Ovvero, se si erano preoccupati per così poco, allora figurarsi per il resto! Oppure esiste un altro significato che non riesco a cogliere? 

Grazie infinite a chiunque interverrà


----------



## catb

Ciao Lilithniahm!

Non so il tempo giusto da usare ma penso che hai colto bene il significato.


----------



## PatsRule

Lilithniahm said:


> Salve a tutti!
> 
> _"Luck, then," said Logen to the lads. None of them spoke. They'd hardly said a word to him since the night of the ambush. Most likely that whole business with the thumbs had got them worried. But if that was the worst they saw while they were up here they'd have done alright, Logen reckoned.
> _
> Il mio problema si pone con l'ultima frase, che sembrerebbe una _if sentence_ normalissima, ma non mi ci ritrovo con i tempi e, conseguentemente, con la traduzione. Inoltre, a meno che non si tratti di una frase ironica, non ha nemmeno senso, secondo me. Letteralmente:
> 
> "Ma se quella era stata (il tempo deve essere necessariamente questo, giusto?) la cosa peggiore che avevano visto quassù, allora se la sarebbero cavata bene".
> 
> Ovvero, se si erano preoccupati per così poco, allora figurarsi per il resto! Oppure esiste un altro significato che non riesco a cogliere?
> 
> Grazie infinite a chiunque interverrà




Ciao Lilithniahm,

I think if I write it a bit differently, it will be more understandable to you (I hope so)

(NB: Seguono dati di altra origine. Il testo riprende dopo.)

(* Let $k\ge 2$ and let $a_1,\dots,a_k$ be simple closed curves on an oriented surface such that $a_i$ and $a_{i+1}$ meet transversely in exactly one point and $a_i\cap a_j=\emptyset$ for $|i-j|\ge 2$. Write $a_i$ for the right-handed Dehn twist $t_{a_i}$, and put $b_i=t_{a_{i+1}}(a_i)$, $\bar b_i=t_{a_{i+1}}^{-1}(a_i)$ (curves, also standing for their Dehn twists). Then (a) $(a_{k-1}a_{k-2}\cdots a_2a_1)\cdot(a_ka_{k-1}\cdots a_2a_1)\sim a_k^{\,k}\cdot \bar b_{k-1}\cdots\bar b_2\bar b_1$; (b) $(a_1a_2\cdots a_{k-1}a_k)\cdot(a_1a_2\cdots a_{k-2}a_{k-1})\sim b_1b_2\cdots b_{k-1}\cdot a_k^{\,k}$.
   Context: For a curve $x$ and mapping class $f$, $t_{f(x)}=f t_x f^{-1}$. Two words (finite sequences) of right-handed Dehn twists are related by $\sim$ if one is obtained from the other by a finite sequence of elementary transformations (Hurwitz moves): $\cdots t_{v}t_{w}\cdots \sim \cdots t_{t_v(w)}t_v\cdots$ and $\cdots t_vt_w\cdots\sim\cdots t_w t_{t_w^{-1}(v)}\cdots$. In particular equivalent words represent the same mapping class. *)

From Stdlib Require Import List Relations Arith.
Import ListNotations.

(* A type of curves C together with the action of right-handed Dehn twists on
   curves: tw v w = t_v(w), twinv v w = t_v^{-1}(w). *)
Record TwistAction := {
  curve :> Type;
  tw : curve -> curve -> curve;
  twinv : curve -> curve -> curve;
  tw_twinv : forall v w, tw v (twinv v w) = w;
  twinv_tw : forall v w, twinv v (tw v w) = w;
  tw_self : forall x, tw x x = x;
  (* t_{f(x)} = f t_x f^{-1} for f = t_v, as actions on curves *)
  tw_conj : forall v x z, tw (tw v x) z = tw v (tw x (twinv v z))
}.

(* One elementary transformation (Hurwitz move) on words of Dehn twists,
   a word being written as the list of its curves. *)
Inductive hurwitz_step (T : TwistAction) : list T -> list T -> Prop :=
| hs_right : forall (u u' : list T) (v w : T),
    hurwitz_step T (u ++ v :: w :: u') (u ++ tw T v w :: v :: u')
| hs_left : forall (u u' : list T) (v w : T),
    hurwitz_step T (u ++ v :: w :: u') (u ++ w :: twinv T w v :: u').

Definition hurwitz_equiv (T : TwistAction) : list T -> list T -> Prop :=
  clos_refl_trans (list T) (hurwitz_step T).

(* Geometric hypotheses on a chain a_1, ..., a_k:
   a_i, a_{i+1} meet transversely once  ==> braid relations
   a_i, a_j disjoint (|i-j| >= 2)        ==> t_{a_i}(a_j) = a_j. *)
Definition meet_once (T : TwistAction) (x y : T) : Prop :=
  tw T x (tw T y x) = y /\ tw T y (tw T x y) = x.

Definition disjoint_curves (T : TwistAction) (x y : T) : Prop :=
  tw T x y = y /\ tw T y x = x.

(* Passing from
   k to k+1 inserts a_{k+1} into the word; since a_{k+1} is disjoint from
   a_1, ..., a_{k-1} it slides freely next to a_k, the induction hypothesis
   rewrites the rest, and what remains is a block a_k^k next to a_k a_{k+1}.
   The braid relation a_k a_{k+1} a_k ~ a_{k+1} a_k a_{k+1}, applied k times,
   pushes a_{k+1} through that block, turning it into a_{k+1}^{k+1} and
   emitting the new twist b_k (resp. bar b_k). *)
From Stdlib Require Import List Relations Arith Lia.
Import ListNotations.

Section HurwitzMoves.
Variable T : TwistAction.
Notation E := (hurwitz_equiv T).

Lemma hurwitz_equiv_app (p s l1 l2 : list T) :
  E l1 l2 -> E (p ++ l1 ++ s) (p ++ l2 ++ s).
Proof.
  induction 1 as [l1 l2 Hstep | | ]; [| apply rt_refl | eapply rt_trans; eauto].
  apply rt_step; destruct Hstep as [u u' v w | u u' v w].
  - replace (p ++ (u ++ v :: w :: u') ++ s) with ((p ++ u) ++ v :: w :: u' ++ s)
      by (rewrite <- !app_assoc; reflexivity).
    replace (p ++ (u ++ tw T v w :: v :: u') ++ s)
      with ((p ++ u) ++ tw T v w :: v :: u' ++ s)
      by (rewrite <- !app_assoc; reflexivity).
    constructor.
  - replace (p ++ (u ++ v :: w :: u') ++ s) with ((p ++ u) ++ v :: w :: u' ++ s)
      by (rewrite <- !app_assoc; reflexivity).
    replace (p ++ (u ++ w :: twinv T w v :: u') ++ s)
      with ((p ++ u) ++ w :: twinv T w v :: u' ++ s)
      by (rewrite <- !app_assoc; reflexivity).
    constructor.
Qed.

Lemma hurwitz_equiv_app_l (p l1 l2 : list T) : E l1 l2 -> E (p ++ l1) (p ++ l2).
Proof.
  intro H; pose proof (hurwitz_equiv_app p [] l1 l2 H) as Hp.
  now rewrite !app_nil_r in Hp.
Qed.

Lemma hurwitz_equiv_app_r (s l1 l2 : list T) : E l1 l2 -> E (l1 ++ s) (l2 ++ s).
Proof. exact (hurwitz_equiv_app [] s l1 l2). Qed.

Lemma hurwitz_move_right (v w : T) (u : list T) : E (v :: w :: u) (tw T v w :: v :: u).
Proof. apply rt_step, (hs_right T []). Qed.

Lemma hurwitz_move_left (v w : T) (u : list T) : E (v :: w :: u) (w :: twinv T w v :: u).
Proof. apply rt_step, (hs_left T []). Qed.

Lemma meet_once_braid (x y : T) : meet_once T x y -> E [x; y; x] [y; x; y].
Proof.
  intros [Hxy _].
  eapply rt_trans; [apply (hurwitz_equiv_app_l [x]), hurwitz_move_right |].
  pose proof (hurwitz_move_right x (tw T y x) [y]) as Hmove.
  now rewrite Hxy in Hmove.
Qed.

Lemma twinv_fixed (v z : T) : tw T v z = z -> twinv T v z = z.
Proof. intro Hfix; rewrite <- Hfix at 1; apply twinv_tw. Qed.

Lemma hurwitz_slide_right (v : T) (u : list T) :
  (forall z, In z u -> tw T v z = z) -> E (v :: u) (u ++ [v]).
Proof.
  induction u as [| z u IH]; intros Hfix; [apply rt_refl |].
  eapply rt_trans; [apply hurwitz_move_right |].
  rewrite (Hfix z (or_introl eq_refl)).
  apply (hurwitz_equiv_app_l [z]), IH; intros; apply Hfix; now right.
Qed.

Lemma hurwitz_slide_left (v : T) (u : list T) :
  (forall z, In z u -> tw T v z = z) -> E (u ++ [v]) (v :: u).
Proof.
  induction u as [| z u IH]; intros Hfix; [apply rt_refl |].
  eapply rt_trans.
  - apply (hurwitz_equiv_app_l [z]), IH; intros; apply Hfix; now right.
  - pose proof (hurwitz_move_left z v u) as Hmove.
    now rewrite (twinv_fixed v z (Hfix z (or_introl eq_refl))) in Hmove.
Qed.

Lemma repeat_snoc (z : T) n : repeat z n ++ [z] = repeat z (S n).
Proof. induction n as [| n IH]; simpl; [| rewrite IH]; reflexivity. Qed.

Lemma braid_push_right (x y : T) : meet_once T x y -> forall n,
  E (repeat x n ++ [y; x]) (tw T y x :: repeat y (S n)).
Proof.
  intros Hm n; induction n as [| n IH]; [apply hurwitz_move_right |].
  eapply rt_trans.
  { replace (repeat x (S n) ++ [y; x]) with (repeat x n ++ [x; y; x] ++ [])
      by (rewrite app_nil_r, <- repeat_snoc, <- app_assoc; reflexivity).
    apply hurwitz_equiv_app, meet_once_braid, Hm. }
  replace (repeat x n ++ [y; x; y] ++ []) with ((repeat x n ++ [y; x]) ++ [y])
    by (rewrite <- !app_assoc; reflexivity).
  replace (tw T y x :: repeat y (S (S n))) with ((tw T y x :: repeat y (S n)) ++ [y])
    by (simpl; rewrite (repeat_snoc y n); reflexivity).
  now apply hurwitz_equiv_app_r.
Qed.

Lemma braid_push_left (x y : T) : meet_once T x y -> forall n,
  E (x :: y :: repeat x n) (repeat y (S n) ++ [twinv T y x]).
Proof.
  intros Hm n; induction n as [| n IH]; [apply hurwitz_move_left |].
  eapply rt_trans.
  { change (x :: y :: repeat x (S n)) with ([] ++ [x; y; x] ++ repeat x n).
    apply hurwitz_equiv_app, meet_once_braid, Hm. }
  now apply (hurwitz_equiv_app_l [y]).
Qed.

End HurwitzMoves.

Section Chains.
Variable T : TwistAction.
Notation E := (hurwitz_equiv T).

Definition is_chain (a : nat -> T) (k : nat) : Prop :=
  (forall i, 1 <= i -> i + 1 <= k -> meet_once T (a i) (a (i + 1))) /\
  (forall i j, 1 <= i <= k -> 1 <= j <= k -> i + 2 <= j ->
     disjoint_curves T (a i) (a j)).

Variable a : nat -> T.

Lemma is_chain_pred k : is_chain a (S k) -> is_chain a k.
Proof. intros [Hadj Hdisj]; split; intros; [apply Hadj | apply Hdisj]; lia. Qed.

Lemma is_chain_meet_last n : is_chain a (S (S n)) -> meet_once T (a (S n)) (a (S (S n))).
Proof.
  intros [Hadj _]; replace (S (S n)) with (S n + 1) by lia; apply Hadj; lia.
Qed.

Lemma is_chain_last_fixes n : is_chain a (S (S n)) ->
  forall z, In z (map a (seq 1 n)) -> tw T (a (S (S n))) z = z.
Proof.
  intros [_ Hdisj] z Hz; apply in_map_iff in Hz as [j [<- Hj]]; apply in_seq in Hj.
  apply (Hdisj j (S (S n))); lia.
Qed.

Lemma map_seq1_S (f : nat -> T) n : map f (seq 1 (S n)) = map f (seq 1 n) ++ [f (S n)].
Proof. now rewrite seq_S, map_app. Qed.

Let b i := tw T (a (i + 1)) (a i).
Let bbar i := twinv T (a (i + 1)) (a i).

Lemma chain_word_bbar n : is_chain a (S n) ->
  E (rev (map a (seq 1 n)) ++ rev (map a (seq 1 (S n))))
    (repeat (a (S n)) (S n) ++ rev (map bbar (seq 1 n))).
Proof.
  induction n as [| n IH]; intros Hch; [apply rt_refl |].
  specialize (IH (is_chain_pred _ Hch)).
  rewrite (map_seq1_S bbar), !(map_seq1_S a (S n)), (map_seq1_S a n) in *.
  set (A := map a (seq 1 n)) in *; set (x := a (S n)) in *; set (y := a (S (S n))).
  rewrite !rev_app_distr in *; simpl in *.
  eapply rt_trans.
  { replace (x :: rev A ++ y :: x :: rev A) with ([x] ++ (rev A ++ [y]) ++ x :: rev A)
      by (rewrite <- app_assoc; reflexivity).
    apply hurwitz_equiv_app, hurwitz_slide_left.
    intros z Hz; apply is_chain_last_fixes; [exact Hch | now apply in_rev]. }
  eapply rt_trans; [apply (hurwitz_equiv_app_l _ [x; y]), IH |].
  replace (bbar (S n)) with (twinv T y x) by (unfold bbar, x, y; now rewrite Nat.add_1_r).
  pose proof (hurwitz_equiv_app_r T (rev (map bbar (seq 1 n))) _ _
                (braid_push_left T x y (is_chain_meet_last _ Hch) (S n))) as Hpush.
  now rewrite <- app_assoc in Hpush.
Qed.

Lemma chain_word_b n : is_chain a (S n) ->
  E (map a (seq 1 (S n)) ++ map a (seq 1 n))
    (map b (seq 1 n) ++ repeat (a (S n)) (S n)).
Proof.
  induction n as [| n IH]; intros Hch; [apply rt_refl |].
  specialize (IH (is_chain_pred _ Hch)).
  rewrite (map_seq1_S b), !(map_seq1_S a (S n)), (map_seq1_S a n) in *.
  set (A := map a (seq 1 n)) in *; set (x := a (S n)) in *; set (y := a (S (S n))).
  eapply rt_trans.
  { replace (((A ++ [x]) ++ [y]) ++ A ++ [x]) with ((A ++ [x]) ++ (y :: A) ++ [x])
      by (rewrite <- !app_assoc; reflexivity).
    apply hurwitz_equiv_app, hurwitz_slide_right, is_chain_last_fixes, Hch. }
  replace ((A ++ [x]) ++ (A ++ [y]) ++ [x]) with (((A ++ [x]) ++ A) ++ [y; x])
    by (rewrite <- !app_assoc; reflexivity).
  eapply rt_trans; [apply hurwitz_equiv_app_r, IH |].
  replace (b (S n)) with (tw T y x) by (unfold b, x, y; now rewrite Nat.add_1_r).
  rewrite <- !app_assoc; apply hurwitz_equiv_app_l.
  apply braid_push_right, is_chain_meet_last, Hch.
Qed.

End Chains.

Theorem lemma3p3 (T : TwistAction) (k : nat) (a : nat -> T)
  (hk : 2 <= k)
  (hadj : forall i, 1 <= i -> i + 1 <= k -> meet_once T (a i) (a (i + 1)))
  (hdisj : forall i j, 1 <= i <= k -> 1 <= j <= k -> i + 2 <= j ->
     disjoint_curves T (a i) (a j)) :
  hurwitz_equiv T
    (rev (map a (seq 1 (k - 1))) ++ rev (map a (seq 1 k)))
    (repeat (a k) k ++ rev (map (fun i => twinv T (a (i + 1)) (a i)) (seq 1 (k - 1))))
  /\
  hurwitz_equiv T
    (map a (seq 1 k) ++ map a (seq 1 (k - 1)))
    (map (fun i => tw T (a (i + 1)) (a i)) (seq 1 (k - 1)) ++ repeat (a k) k).
Proof.
  destruct k as [| n]; [lia |].
  replace (S n - 1) with n by lia.
  assert (Hch : is_chain T a (S n)) by (split; assumption).
  split; [apply chain_word_bbar | apply chain_word_b]; exact Hch.
Qed.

"But if the whole business with the thumbs was the worst they saw during the time they spend up here, then it wasn't going to be so bad, Logan thought to himself"

non: "Ovvero, se si erano preoccupati per così poco, allora figurarsi per il resto!" 
ma: "se questo il peggio, allora il resto non sarà così male!"


----------



## L'Enrico

_- Ma se quella è stata la cosa peggiore che hanno visto mentre erano quassù, è probabile che se la siano cavata bene, _or _[...] immagino che se la siano cavata bene_, or _[...] se la saranno cavata bene_, or less literal, _[...] non devono aver avuto grossi problemi_.

[EDIT: @PatsRule
Is "They'd have done alright" a future in the past? I see that you rewrote the sentence as "then it wasn't going to be so bad". Wouldn't that be equivalent to "Then they would do alright"? Maybe I'm missing something.]

E.


----------



## PatsRule

Ciao l'Enrico,

"would have" is not always a future in the past, however in this case... 
If something that they've seen or something that has happened to them was as bad as it was going to get, then they'd have done alright = then they're in good shape = then they can anticipate nothing worse happening in the future.
Maybe if were worded "then they'd have done alright for themselves" it would be more clear - although the meaning is the same.


----------



## L'Enrico

PatsRule said:


> then they *are* in good shape = then they can anticipate nothing worse happening *in the future*



Thank you for your reply PatsRule.
I don't understand. If that is the intended meaning, why isn't it "[...], then they would do alright" instead of "[...], then they would have done alright"? 
I'm confused. 

E.


----------



## CPA

_Ma, secondo Logen, se quello fosse il peggio che avrebbero visto lassù, allora gli sarebbe andata bene.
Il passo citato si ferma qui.